Notes the Museum of Family History site, almost by way of apology-cum-rationalization:
Back in the late nineteenth and early twentieth century, actors performing in blackface were more accepted by the general public, though Jolson was the first comedian to use blackface. He did this with a great deal of energy and spirit; he felt freer and more spontaneous behind the burnt cork than he ever did in 'whiteface.' As time went on, though others may have used burnt cork, it was obvious that no one could do blackface like Jolson.
In his book Dangerous Men, Mick LaSalle describes Jolson as the 'troll king' of early sound film, the golem who segued between evoking the lovesick deformed circus masochists of Lon Chaney-Tod Browning silents and the fast-talking toughs of the pre-code gangster boom.
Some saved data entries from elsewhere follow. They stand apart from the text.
(* Zeilberger's method: if F(n,k) vanishes for k > n and the certificate
   vanishes at k = 0 and k = n+3, summing the telescoping identity over
   k <= n+2 shows that diag_sum F solves the recurrence. *)
Lemma creative_telescoping (F G : nat -> nat -> R) :
  (forall n k, (n < k)%N -> F n k = 0) ->
  (forall n k, telescopes_at F G n k) ->
  (forall n, G n 0 = 0) -> (forall n, G n n.+3 = 0) ->
  solves_rec (diag_sum F).
Proof.
move=> F_vanish telescopes G_0 G_top n.
have widen j : (j < n.+3)%N -> diag_sum F j = \sum_(0 <= k < n.+3) F j k.
  move=> lt_j; rewrite /diag_sum [RHS](big_cat_nat (n := j.+1)) //=.
  rewrite [X in _ = _ + X]big1_seq ?addr0 // => k /andP[_].
  by rewrite mem_index_iota => /andP[lt_jk _]; apply: F_vanish.
rewrite !widen; try lia.
rewrite !mulr_sumr -!big_split /=.
rewrite (telescope_sumr_eq (G n)) ?G_0 ?G_top ?subr0 // => k _.
exact: telescopes.
Qed.

End SecondOrderRecurrence.

Definition franel_a0 (n : nat) : rat := -8 * n.+1%:R ^+ 2.
Definition franel_a1 (n : nat) : rat := - (7 * n%:R ^+ 2 + 21 * n%:R + 16).
Definition franel_a2 (n : nat) : rat := n.+2%:R ^+ 2.

Notation franel_rec := (solves_rec franel_a0 franel_a1 franel_a2).

(* [field] leaves a conjunction of nonvanishing conditions on the denominators;
   each is a hypothesis or follows from the nonnegativity of n%:R and k%:R. *)
Ltac nonzero_factors :=
  repeat (apply/andP; split); first [assumption | apply/negP; move/eqP; lra].

Definition cube_term (n k : nat) : rat := ('C(n, k) ^ 3)%:R.

Definition cube_cert (n k : nat) : rat :=
  let N := n%:R in let K := k%:R in
  K ^+ 3 * ('C(n.+2, k) ^ 3)%:R / (n.+1%:R ^+ 3 * n.+2%:R ^+ 3) *
  (-72 + 78*K - 30*K^+2 + 4*K^+3 + N*(-272 + 249*K - 78*K^+2 + 8*K^+3)
   + N^+2*(-402 + 291*K - 66*K^+2 + 4*K^+3) + N^+3*(-290+147*K-18*K^+2)
   + N^+4*(-102+27*K) - 14*N^+5).

Lemma cube_rec : franel_rec (diag_sum cube_term).
Proof.
apply: (creative_telescoping (G := cube_cert)).
- by move=> n k lt_nk; rewrite /cube_term bin_small.
- move=> n k; rewrite /telescopes_at /cube_term /cube_cert.
  rewrite /franel_a0 /franel_a1 /franel_a2 !natrX.
  rewrite (bin_down_ratio n k) (bin_down_ratio n.+1 k) (binS_ratio n.+2 k).
  have n_ge0 : (0 : rat) <= n%:R := ler0n _ _.
  have k_ge0 : (0 : rat) <= k%:R := ler0n _ _.
  field; nonzero_factors.
- by move=> n; rewrite /cube_cert expr0n /= !mul0r.
- by move=> n; rewrite /cube_cert bin_small // !mulr0 !mul0r.
Qed.

Lemma franel_a2_neq0 (n : nat) : franel_a2 n != 0.
Proof. by rewrite /franel_a2 expf_eq0 pnatr_eq0. Qed.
Unlike the Chaney freaks Jolson's was an inner deformity in his own mind, leading him to project a level of insecurity and self-loathing so intense it became its own grandstanding narcissistic opposite. A kind of slow motion downward death spiral down a Vitaphone crackle-and-hiss drain, it was if being the first person to speak and sing on film had left him permanently self-conscious, yet tickled to a childlike fit of jouissance over the attention it got him. "In film after film, Jolson not only watches himself, he watches you watch him," notes LaSalle. He's a "borscht belt Pagliachi... a monster as masochistic as Chaney, but needier, more self-pitying, and, of course, louder." (18-19)

Now there are some who think two wrongs don't make a right, but this ground zero of semitic self-loathing coupled to black-face racism has a train-wreck pull for others, such as myself. Does it help that Jolson was a big supporter of black entertainers and possibly felt a kinship with oppressed African Americans? (i.e. slave race ancestry?) A Jew who played up his own Jewishness, Jolson had to struggle with stereotypes himself in an age where clubs were openly 'restricted' and long before Gregory Peck made his Gentlemen's Agreement. Jews and blacks alike had to play humble, decent submissives who understood and respected Jim Crow and social restrictions as being for their own benefit, helping them hide their inferiority from their WASP overlords. 


As if cementing the similarity, behold the above picture: the archaic Yiddish characters on the newspaper providing a reverse under-halo to the sunrise of loose straw from Jolson's hat, framing a blackface golem beamed here through a stray TV signal from some uncanny nightmare dimension. 

The Green Pastures satire aspect is eerily soothing in this bizarro world context: the opiate promise of heading into the sunshine of eternal glory (anywhere but here) on a mule, just like the code had planned for us immediately following this last moment of a wanderin' in the pre-code valley of the shadow of libidinal freedom.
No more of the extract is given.